Good afternoon.
Clean and green—my background is agriculture and agronomy. I built a very large consulting business and one of the first carbon credit trading companies in North America.
In Canada, as of last year, we had about 27 million acres of wheat, and we had 22 million acres of canola. When you look at canola, being about 40% oil with a 90% extraction rate, we could convert each tonne of canola oil into 360 litres of biodiesel. For every tonne of CPS wheat that we grow, which is a specific kind of wheat that is generated or grown for the ethanol industry, we could extract about 425 litres of ethanol. When you put this in the context of the opportunity for Canada to grow additional crops—and I know there's always a trade-off between growing crops for food and growing crops as fuel—Canada has a great potential to increase our production of crops to meet this new biofuel market.
Our average wheat yield last year was 51 bushels per acre, and our average canola yield was about 40 bushels per acre, which is about one tonne per acre.

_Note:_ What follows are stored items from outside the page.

(* There exist a positive integer $N$ and a doubly-stochastic $N\times N$ matrix $A$ such that $$\mathrm{per}(A)\ <\ SD(A):=\prod_{1\le j\le N}\ \sum_{1\le i\le N}A(i,j)\prod_{m\ne i}\bigl(1-A(m,j)\bigr).$$
   Context: A doubly-stochastic matrix is an entrywise non-negative square matrix all of whose row and column sums equal $1$; $\mathrm{per}$ is the permanent. *)

From HB Require Import structures.
From mathcomp Require Import all_boot all_order all_algebra all_fingroup.
From Stdlib Require Rdefinitions.
From mathcomp Require Import Rstruct.
Set Implicit Arguments. Unset Strict Implicit. Unset Printing Implicit Defensive.
Import Order.TTheory GRing.Theory Num.Theory.
Local Open Scope ring_scope.

Definition permanent (R : comRingType) (n : nat) (A : 'M[R]_n) : R :=
  \sum_(s : 'S_n) \prod_(i < n) A i (s i).

Definition doubly_stochastic (R : numDomainType) (n : nat) (A : 'M[R]_n) : Prop :=
  (forall i j, 0 <= A i j) /\
  (forall i, \sum_(j < n) A i j = 1) /\
  (forall j, \sum_(i < n) A i j = 1).

Definition SD (R : comRingType) (n : nat) (A : 'M[R]_n) : R :=
  \prod_(j < n) \sum_(i < n) (A i j * \prod_(m < n | m != i) (1 - A m j)).

From HB Require Import structures.
From mathcomp Require Import all_boot all_order all_algebra all_fingroup.
From Stdlib Require Rdefinitions.
From mathcomp Require Import Rstruct.
From mathcomp Require Import lra.
Set Implicit Arguments. Unset Strict Implicit. Unset Printing Implicit Defensive.
Import Order.TTheory GRing.Theory Num.Theory.
Local Open Scope ring_scope.

(* The counterexample is the (n+1) x (n+1) arrow matrix with zero corner, [a]
   on the rest of the first row and column and [b] on the rest of the diagonal.
   A permutation contributes to its permanent only if it is a transposition
   (0 j), so per = n a^2 b^(n-1); in the SD product every column j <> 0 has
   exactly two nonzero entries, giving SD = n a (1-a)^(n-1) (a(1-b) + b(1-a))^n.
   For n = 8, a = 1/8, b = 7/8 this is per = (7/8)^7 / 8 < (7/8)^7 (25/32)^8. *)

Lemma card_neq2 (n : nat) (i j : 'I_n.+1) :
  i != j -> #|[pred m | (m != i) && (m != j)]| = n.-1.
Proof.
move=> ij; have := cardD1 j (predC1 i).
rewrite cardC1 card_ord !inE eq_sym ij add1n /= => /(congr1 predn) /= ->.
by apply: eq_card => m; rewrite !inE andbC.
Qed.

Section ArrowMatrix.
Variables (R : comNzRingType) (n : nat) (a b : R).

Local Notation o := (@ord0 n).

Definition arrow_mx : 'M[R]_n.+1 :=
  \matrix_(i, j) if i == o then (if j == o then 0 else a)
                 else if j == o then a else if i == j then b else 0.

Lemma arrow_mx00 : arrow_mx o o = 0.
Proof. by rewrite mxE eqxx. Qed.

Lemma arrow_mx0j j : j != o -> arrow_mx o j = a.
Proof. by move=> /negbTE jo; rewrite mxE eqxx jo. Qed.

Lemma arrow_mxi0 i : i != o -> arrow_mx i o = a.
Proof. by move=> /negbTE io; rewrite mxE io eqxx. Qed.

Lemma arrow_mxii i : i != o -> arrow_mx i i = b.
Proof. by move=> /negbTE io; rewrite mxE io !eqxx. Qed.

Lemma arrow_mx_offdiag i j : i != o -> j != o -> i != j -> arrow_mx i j = 0.
Proof. by move=> /negbTE io /negbTE jo /negbTE ij; rewrite mxE io jo ij. Qed.

Lemma arrow_mx_support {i j} : arrow_mx i j != 0 ->
  if i == o then j != o else (j == o) || (j == i).
Proof.
case: (eqVneq i o) => [->|io]; case: (eqVneq j o) => [->|jo] //=.
  by rewrite arrow_mx00 eqxx.
case: (eqVneq j i) => // ji /eqP[].
by apply: arrow_mx_offdiag; rewrite // eq_sym.
Qed.

Lemma arrow_mx_prod_eq0 (s : 'S_n.+1) :
  (s o == o) || (s != tperm o (s o)) -> \prod_i arrow_mx i (s i) = 0.
Proof.
move=> degenerate.
have [/forallP nz | ] := boolP [forall i, arrow_mx i (s i) != 0]; last first.
  by rewrite negb_forall => /existsP[i /negPn/eqP zi]; rewrite (bigD1 i) //= zi mul0r.
(* All factors nonzero forces s o = j <> 0, then s j = 0 and s i = i elsewhere. *)
have so : s o != o by have := arrow_mx_support (nz o); rewrite eqxx.
have ss : s (s o) = o.
  have := arrow_mx_support (nz (s o)); rewrite (negbTE so) => /orP[/eqP // | /eqP sso].
  by have := perm_inj sso; move/eqP: so.
suff s_tperm : s = tperm o (s o) by rewrite (negbTE so) -s_tperm eqxx in degenerate.
apply/permP => i; case: tpermP => [-> | -> | /eqP io /eqP isj] //.
have := arrow_mx_support (nz i); rewrite (negbTE io) => /orP[/eqP sio | /eqP //].
by rewrite -ss in sio; move/perm_inj: sio => sio; rewrite sio eqxx in isj.
Qed.

Lemma arrow_mx_prod_tperm j :
  j != o -> \prod_i arrow_mx i (tperm o j i) = a * a * b ^+ n.-1.
Proof.
move=> jo; rewrite (bigD1 o) //= tpermL arrow_mx0j // (bigD1 j) //= tpermR.
rewrite arrow_mxi0 // -mulrA (eq_bigr (fun=> b)) ?prodr_const ?card_neq2 1?eq_sym //.
by move=> i /andP[io ij]; rewrite tpermD 1?eq_sym // arrow_mxii.
Qed.

Lemma permanent_arrow_mx : permanent arrow_mx = (a * a * b ^+ n.-1) *+ n.
Proof.
rewrite /permanent (partition_big (fun s : 'S_n.+1 => s o) predT) //=.
rewrite (bigD1 o) //= big1 ?add0r => [|s so]; last by rewrite arrow_mx_prod_eq0 ?so.
rewrite (eq_bigr (fun=> a * a * b ^+ n.-1)) ?sumr_const ?cardC1 ?card_ord //.
move=> j jo; rewrite (bigD1 (tperm o j)) /= ?tpermL // arrow_mx_prod_tperm //.
rewrite big1 ?addr0 // => s /andP[/eqP so s_ne]; apply: arrow_mx_prod_eq0.
by rewrite so s_ne orbT.
Qed.

Lemma SD_col0_arrow_mx :
  \sum_i (arrow_mx i o * \prod_(m | m != i) (1 - arrow_mx m o)) = a *+ n * (1 - a) ^+ n.-1.
Proof.
rewrite (bigD1 o) //= arrow_mx00 mul0r add0r.
rewrite (eq_bigr (fun=> a * (1 - a) ^+ n.-1)) ?sumr_const ?cardC1 ?card_ord ?mulrnAl //.
move=> i io; rewrite arrow_mxi0 //; congr (_ * _).
rewrite (bigD1 o) 1?eq_sym //= arrow_mx00 subr0 mul1r.
rewrite (eq_bigr (fun=> 1 - a)) ?prodr_const ?card_neq2 //.
by move=> m /andP[_ mo]; rewrite arrow_mxi0.
Qed.

Lemma SD_colj_arrow_mx j : j != o ->
  \sum_i (arrow_mx i j * \prod_(m | m != i) (1 - arrow_mx m j)) =
  a * (1 - b) + b * (1 - a).
Proof.
move=> jo; have off_col m : m != o -> m != j -> 1 - arrow_mx m j = 1.
  by move=> mo mj; rewrite arrow_mx_offdiag ?subr0.
rewrite (bigD1 o) //= arrow_mx0j // (bigD1 j) //= arrow_mxii //.
rewrite big1 ?mulr1 => [|m /andP[mo mj]]; last exact: off_col.
rewrite [X in _ + X](bigD1 j) //= arrow_mxii // [X in _ + (_ + X)]big1 ?addr0.
  rewrite (bigD1 o) 1?eq_sym //= arrow_mx0j // big1 ?mulr1 // => m /andP[mj mo].
  exact: off_col.
by move=> i /andP[io ij]; rewrite arrow_mx_offdiag ?mul0r.
Qed.

Lemma tr_arrow_mx : arrow_mx^T = arrow_mx.
Proof.
apply/matrixP => i j; rewrite !mxE [j == i]eq_sym.
by case: (j == o); case: (i == o).
Qed.

Lemma sum_arrow_mx_row0 : \sum_j arrow_mx o j = a *+ n.
Proof.
rewrite (bigD1 o) //= arrow_mx00 add0r (eq_bigr (fun=> a)) => [|j /arrow_mx0j //].
by rewrite sumr_const cardC1 card_ord.
Qed.

Lemma sum_arrow_mx_row i : i != o -> \sum_j arrow_mx i j = a + b.
Proof.
move=> io; rewrite (bigD1 o) //= arrow_mxi0 // (bigD1 i) //= arrow_mxii //.
by rewrite big1 ?addr0 // => j /andP[jo ji]; rewrite arrow_mx_offdiag // eq_sym.
Qed.

Lemma SD_arrow_mx :
  SD arrow_mx = a *+ n * (1 - a) ^+ n.-1 * (a * (1 - b) + b * (1 - a)) ^+ n.
Proof.
rewrite /SD (bigD1 o) //= SD_col0_arrow_mx; congr (_ * _).
rewrite (eq_bigr (fun=> a * (1 - b) + b * (1 - a))) ?prodr_const ?cardC1 ?card_ord //.
exact: SD_colj_arrow_mx.
Qed.

End ArrowMatrix.

Lemma arrow_mx_doubly_stochastic (R : numDomainType) (n : nat) (a b : R) :
  0 <= a -> 0 <= b -> a *+ n = 1 -> a + b = 1 -> doubly_stochastic (arrow_mx n a b).
Proof.
move=> a_ge0 b_ge0 na1 ab1.
have row_sum i : \sum_j arrow_mx n a b i j = 1.
  have [-> | io] := eqVneq i ord0; first by rewrite sum_arrow_mx_row0.
  by rewrite sum_arrow_mx_row.
split; [move=> i j | split => // j].
  by rewrite mxE; case: ifP; case: ifP => //; case: ifP.
rewrite -(row_sum j); apply: eq_bigr => i _.
by rewrite -{1}tr_arrow_mx mxE.
Qed.

Theorem mainTheorem16 :
  exists (N : nat) (A : 'M[Rdefinitions.R]_N),
    (0 < N)%N /\ doubly_stochastic A /\ permanent A < SD A.
Proof.
pose a : Rdefinitions.R := 8^-1; pose b : Rdefinitions.R := 7 / 8.
exists 9%N, (arrow_mx 8 a b); split => //; split.
  by apply: arrow_mx_doubly_stochastic; rewrite /a /b; lra.
by rewrite permanent_arrow_mx SD_arrow_mx /a /b; lra.
Qed.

There is a lot of opportunity for us as Canadians to grow more crops that can feed into the biofuel industry. However, we must temper the countervailing policies, such as a perceived reduction of nitrous oxide emissions. That is fine to achieve, but if you achieved it through the absolute reduction of fertilizer, you would catastrophically hamstring our ability as farmers to meet biofuel. Also, the difference in an absolute 30% reduction in fertilizer to meet the nitrous oxide target would mean 0.000028 of 1% to the global greenhouse gas economy
The opportunity that we have in agriculture is to increase that production and increase those yields, carving off part of our production into the biofuel economy. The excess could also be used in biomass—for example, oat hulls. The hulls that remain from oats can be used to burn very cleanly in biomass digester furnaces.
The idea that Canada could be clean and green is really important. We have some of the lowest environmental impact quotients when it comes to how much input we're using to produce our crops, and we have some of the highest no-till or zero-till farming on planet Earth, which makes us some of the best conservation farmers on the planet.
To be clean and green, let's use agriculture as part of the solution to meet this new challenge we're facing.